Comment 14 norbert.janssen 2010-06-24 07:02:31 UTC

(In reply to comment #13)
I was not clear. 
The valgrind warning was about accessing the address of pde (ppde = &pde; which is a localvar on stac), so outside the function this is not valid anymore).
> > Probably the return of ppde in pl_dict_lookup_entry.
> > 
> >     if (i != -1)
> >     {
> >     pde = pdict->sorted[i];
> >     ppde = &pde;
> >     return ppde;
> >     }
> > 

> > So perhaps the following is better:
> > 
> >     if (i != -1)
> >     {
> >         pde = pdict->sorted[i]->prev; /* pde (or pdict->entries) before lookup
> > */
> >         ppde =&pde->next;
> >         return ppde;
> >     }
> > 

> 
> I don't understand what you mean the return is in the for loop before the
> postcondition sets ppde = &pde->next.  Actually I worked on this independently
> I didn't notice your comment here and simply fixed it with:
> 
> 
This is also a good solution.

> maybe I don't understand something.  That fixes owl.pcl but the code crashes
> later on with pcl5c fts 0543.  There is code (pl_dict_undef_purge_synonyms)
> that assumes the code will inserted at the head of a linked list - I don't know
> if that is the issue with fts 0543.  Have you been working on this?

The pl_dict_entry is still inserted at the front of the list, this has not changed.
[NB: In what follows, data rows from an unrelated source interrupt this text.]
(* Let $U$ be a nonempty finite set, $R\subseteq U\times U$ serial and transitive, and $r$ the rank function of $M(Reg(U,R))$. Let $n$ be an integer with $1\le n\le h(U)$, and let $X,Y\in Reg(U,R)$ with $h(X)=n$ and $h(Y)=n-1$. Then for every $Z\subseteq U$ with $Y\subsetneq Z\subsetneq X$, $r(Z)=h(X)$.
   Context: $R_s(x)=\{y\in U\mid xRy\}$; $\underline{R}(X)=\{x\mid R_s(x)\subseteq X\}$, $\overline{R}(X)=\{x\mid R_s(x)\cap X\neq\emptyset\}$; $X$ is regular if $X=\underline{R}(\overline{R}(X))$, and $Reg(U,R)$ is the lattice of regular sets under inclusion, with least element $\emptyset$. $h(A)$ is the length of a maximal chain in $[\emptyset,A]$. $M(Reg(U,R))$ is the matroid on $U$ with independent sets $\{X\subseteq U\mid h(Y)\ge|X\cap Y|\ \forall Y\in Reg(U,R)\}$ and rank function $r(X)=\max\{|I|\mid I\subseteq X \text{ independent}\}$. *)

From mathcomp Require Import all_boot.
Set Implicit Arguments. Unset Strict Implicit. Unset Printing Implicit Defensive.

Section RoughSets.
Variables (T : finType) (R : rel T).

Definition Rs (x : T) : {set T} := [set y | R x y].
Definition lowerR (X : {set T}) : {set T} := [set x | Rs x \subset X].
Definition upperR (X : {set T}) : {set T} := [set x | Rs x :&: X != set0].
Definition regular (X : {set T}) : bool := X == lowerR (upperR X).

Definition chain_in (A : {set T}) (C : {set {set T}}) : bool :=
  [forall Y in C, regular Y && (set0 \subset Y) && (Y \subset A)] &&
  [forall Y in C, forall Z in C, (Y \subset Z) || (Z \subset Y)].

Definition h (A : {set T}) : nat :=
  \max_(C : {set {set T}} | chain_in A C) #|C|.-1.

Definition indep (X : {set T}) : bool :=
  [forall Y : {set T}, regular Y ==> (#|X :&: Y| <= h Y)].

Definition rk (X : {set T}) : nat :=
  \max_(I : {set T} | (I \subset X) && indep I) #|I|.

End RoughSets.

From mathcomp Require Import all_boot.
Set Implicit Arguments. Unset Strict Implicit. Unset Printing Implicit Defensive.

(* Call f final when
   every successor of f sees f back; the successor set Rs R f of a final f
   is a terminal "cluster", and every point reaches some final point.
   1. A regular set W is determined by the final points it contains:
      x \in W iff every final successor of x lies in W (regP).  Hence W is
      determined by its family of clusters (clusters_inj).
   2. For regular W, h W is the number of clusters of W (h_clusters): a
      chain of regular sets has strictly growing cluster families, and
      conversely deleting clusters one at a time gives a chain of regular
      sets of that length.
   3. If Y is regular and z \notin Y, a transversal of the clusters of Y
      plus z is independent of size h Y + 1 (indep_extension); any
      independent subset of a regular X has at most h X points (rk_le_h).
   Proposition 8 follows: for Y \proper Z \proper X, pick z in Z \ Y; then
   h X = h Y + 1 <= rk Z <= h X. *)

Section TransversalOfImage.
Variables (aT rT : finType) (f : aT -> rT).
Lemma block_mkseq n b : block n b = mkseq (fun j => b (+) tm j) (2 ^ n).
Proof.
elim: n b => [|n IH] b /=; first by rewrite /mkseq /= addbF.
rewrite !IH expnS mul2n -addnn mkseqD; congr (_ ++ _).
by apply: eq_in_mkseq => j lt_j; rewrite tm_pow2D // addNb addbN.
Qed.

Lemma size_block n b : size (block n b) = 2 ^ n.
Proof. by rewrite block_mkseq size_mkseq. Qed.

Lemma block_inj n : injective (block n).
Proof.
move=> b b' /(congr1 (nth false ^~ 0)).
by rewrite !block_mkseq !nth_mkseq ?expn_gt0 // !addbF.
Qed.

Lemma size_flatten_blocks n ks :
  size (flatten [seq block n b | b <- ks]) = size ks * 2 ^ n.
Proof. by elim: ks => [|b ks IH] //=; rewrite size_cat IH size_block mulSn. Qed.

Lemma flatten_blocks_inj n : injective (fun ks => flatten [seq block n b | b <- ks]).
Proof.
move=> ks ks' eq_flat; have /eqP := congr1 size eq_flat.
rewrite !size_flatten_blocks eqn_pmul2r ?expn_gt0 // => /eqP.
elim: ks ks' eq_flat => [|b ks IH] [|b' ks'] //= /eqP.
rewrite eqseq_cat ?size_block // => /andP[/eqP/block_inj -> /eqP eq_rest] [eq_size].
by rewrite (IH ks').
Qed.

Section Omega.
Local Open Scope ring_scope.

Definition letter n (v : int) : bool := omega ((2 ^ n)%:Z * v).

Definition factor_at (m : int) (L : nat) : seq bool :=
  mkseq (fun i => omega (m + i%:Z)) L.
(* Let $\tau\in\mathscr C^r(\mathbb{S}^1,\mathbb{R})$ and $R>\|\tau'\|_\infty$. For all integers $n,m\ge1$, $\mathcal N(\tau,R;n+m)\le\mathcal N(\tau,R'_m;n)\cdot\mathcal N(\tau,R;m)\le\mathcal N(\tau,R;n)\cdot\mathcal N(\tau,R;m)$, where $R'_m=\|\tau'\|_\infty+\lambda^{-m}(R-\|\tau'\|_\infty)$. Consequently $\lim_{n\to\infty}\mathcal N(\tau,R;n)^{1/n}$ exists, equals $\inf_n\mathcal N(\tau,R;n)^{1/n}$, and is independent of the choice of $R>\|\tau'\|_\infty$.
   Context: Let $\mathbb{S}^1=\mathbb{R}/\mathbb{Z}$, $\mathbb{T}^2=\mathbb{S}^1\times\mathbb{S}^1$, $r\ge2$. Let $E:\mathbb{S}^1\to\mathbb{S}^1$ be a $\mathscr C^r$ expanding map of degree $\ell\ge2$ with $1<\lambda\le E'(x)\le\Lambda$ for all $x$. For $\tau\in\mathscr C^r(\mathbb{S}^1,\mathbb{R})$ let $f(x,s)=(E(x),s+\tau(x)\bmod1)$ on $\mathbb{T}^2$. For $R>0$ set $\vartheta_R=R/(\lambda-1)$ and $\mathscr K_R=\{(\xi,\eta)\in\mathbb{R}^2:|\eta|\le\vartheta_R|\xi|\}$. For $R>\|\tau'\|_\infty$ and $n\ge1$, $\mathcal N(\tau,R;n)=\sup_{z\in\mathbb{T}^2}\sup_{v}\#\{\zeta\in f^{-n}(z): v\in Df^n(\zeta)\mathscr K_R\}$, $\sup_v$ over unit vectors $v\in\mathbb{R}^2$. *)

From Stdlib Require Import Reals Lra Lia List ClassicalEpsilon.
Import ListNotations.
Open Scope R_scope.

Definition Cr (r : nat) (f : R -> R) : Prop :=
  exists d : nat -> R -> R,
    d O = f /\
    (forall k x, (k < r)%nat -> derivable_pt_lim (d k) x (d (S k) x)) /\
    (forall x, continuity_pt (d r) x).

Definition is_int (a : R) : Prop := exists k : Z, a = IZR k.

(* Lift of the skew product f(x,s) = (E x, s + tau x) to R^2. *)
Definition skew (E tau : R -> R) (p : R * R) : R * R :=
  (E (fst p), snd p + tau (fst p)).

Fixpoint skew_iter (E tau : R -> R) (n : nat) (p : R * R) : R * R :=
  match n with
  | O => p
  | S k => skew E tau (skew_iter E tau k p)
  end.

Record mat2 := Mat2 { m11 : R; m12 : R; m21 : R; m22 : R }.

Definition mat_mul (A B : mat2) : mat2 :=
  Mat2 (m11 A * m11 B + m12 A * m21 B) (m11 A * m12 B + m12 A * m22 B)
       (m21 A * m11 B + m22 A * m21 B) (m21 A * m12 B + m22 A * m22 B).

Definition mat_app (A : mat2) (w : R * R) : R * R :=
  (m11 A * fst w + m12 A * snd w, m21 A * fst w + m22 A * snd w).

Definition Dskew (dE dtau : R -> R) (p : R * R) : mat2 :=
  Mat2 (dE (fst p)) 0 (dtau (fst p)) 1.

Fixpoint Dskew_iter (E tau dE dtau : R -> R) (n : nat) (p : R * R) : mat2 :=
  match n with
  | O => Mat2 1 0 0 1
  | S k => mat_mul (Dskew dE dtau (skew_iter E tau k p))
                   (Dskew_iter E tau dE dtau k p)
  end.

Definition theta (lam Rc : R) : R := Rc / (lam - 1).
Definition in_cone (lam Rc : R) (w : R * R) : Prop :=
  Rabs (snd w) <= theta lam Rc * Rabs (fst w).

(* zeta is (the canonical representative in [0,1)^2 of) a point of
   f^{-n}(z) on T^2 *)
Definition preimage (E tau : R -> R) (n : nat) (z zeta : R * R) : Prop :=
  0 <= fst zeta < 1 /\ 0 <= snd zeta < 1 /\
  is_int (fst (skew_iter E tau n zeta) - fst z) /\
  is_int (snd (skew_iter E tau n zeta) - snd z).

Definition good_preimage (E tau dE dtau : R -> R) (lam Rc : R) (n : nat)
  (z v zeta : R * R) : Prop :=
  preimage E tau n z zeta /\
  exists w, in_cone lam Rc w /\ mat_app (Dskew_iter E tau dE dtau n zeta) w = v.

Definition has_card (P : R * R -> Prop) (k : nat) : Prop :=
  exists l : list (R * R), NoDup l /\ (forall x, In x l <-> P x) /\ length l = k.

Definition N_values (E tau dE dtau : R -> R) (lam Rc : R) (n : nat) (y : R) : Prop :=
  exists (z v : R * R) (k : nat),
    fst v * fst v + snd v * snd v = 1 /\
    has_card (good_preimage E tau dE dtau lam Rc n z v) k /\ y = INR k.

Definition Ncal (E tau dE dtau : R -> R) (lam Rc : R) (n : nat) : R :=
  epsilon (inhabits 0) (fun s => is_lub (N_values E tau dE dtau lam Rc n) s).

Definition is_glb (P : R -> Prop) (m : R) : Prop :=
  (forall y, P y -> m <= y) /\ (forall b, (forall y, P y -> b <= y) -> b <= m).

(* Cut a preimage [zeta] of [z] under [f^(n+m)] at [f^m zeta]: reduced mod 1 this is a
   preimage of [z] under [f^n], and [zeta] is a preimage of it under [f^m].  Since
   [Df^m] maps [K_R] into the thinner cone [K_(R'_m)], the intermediate points are good
   preimages for [(tau, R'_m; n)], and over each of them the good [zeta] share one
   direction [Df^m(zeta) w] (the matrices are lower triangular), hence are at most
   [N(tau, R; m)] in number.  This gives submultiplicativity, and Fekete's lemma applied to
   [0 <= ln N(tau, R; n) <= n ln ell] gives the limit and the infimum.  As [R'_m] tends to
   [|tau'|_oo], for any two radii [R1, R2] some [m] has [R2'_m <= R1], so
   [N(tau, R2; n + m) <= N(tau, R1; n) ell^m] and the two limits agree. *)

From Stdlib Require Import Reals Lra Lia List ClassicalEpsilon Classical.
Import ListNotations.
Open Scope R_scope.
There is just an extra sorted-array of pointers which speeds up the lookup of an entry.
The pl_dict_undef_purge_synonyms, removes entries using pl_dict_undef(), so this should also not be a problem. pl_dict_undef() calls pl_dict_free() that first removes the entry in the sorted-array, and then removes the pl_dict_entry from the list.

Only thing extra in pl_dict_free, is the unlinking of the pde from the list, which should be done before calling gs_free_object(). Or am I missing something? See also my comment#9.

fts 0543 is from QualityLogic suite I assume. Have to see if I have it too.

Comment 15 norbert.janssen 2010-07-30 08:52:13 UTC

I have the memoryconsumption for this job now under control. Also performance is ok now.
So this CR can be closed.

Comment 16 Marcos H. Woehrmann 2011-09-18 21:46:26 UTC

Changing customer bugs that have been resolved more than a year ago to closed.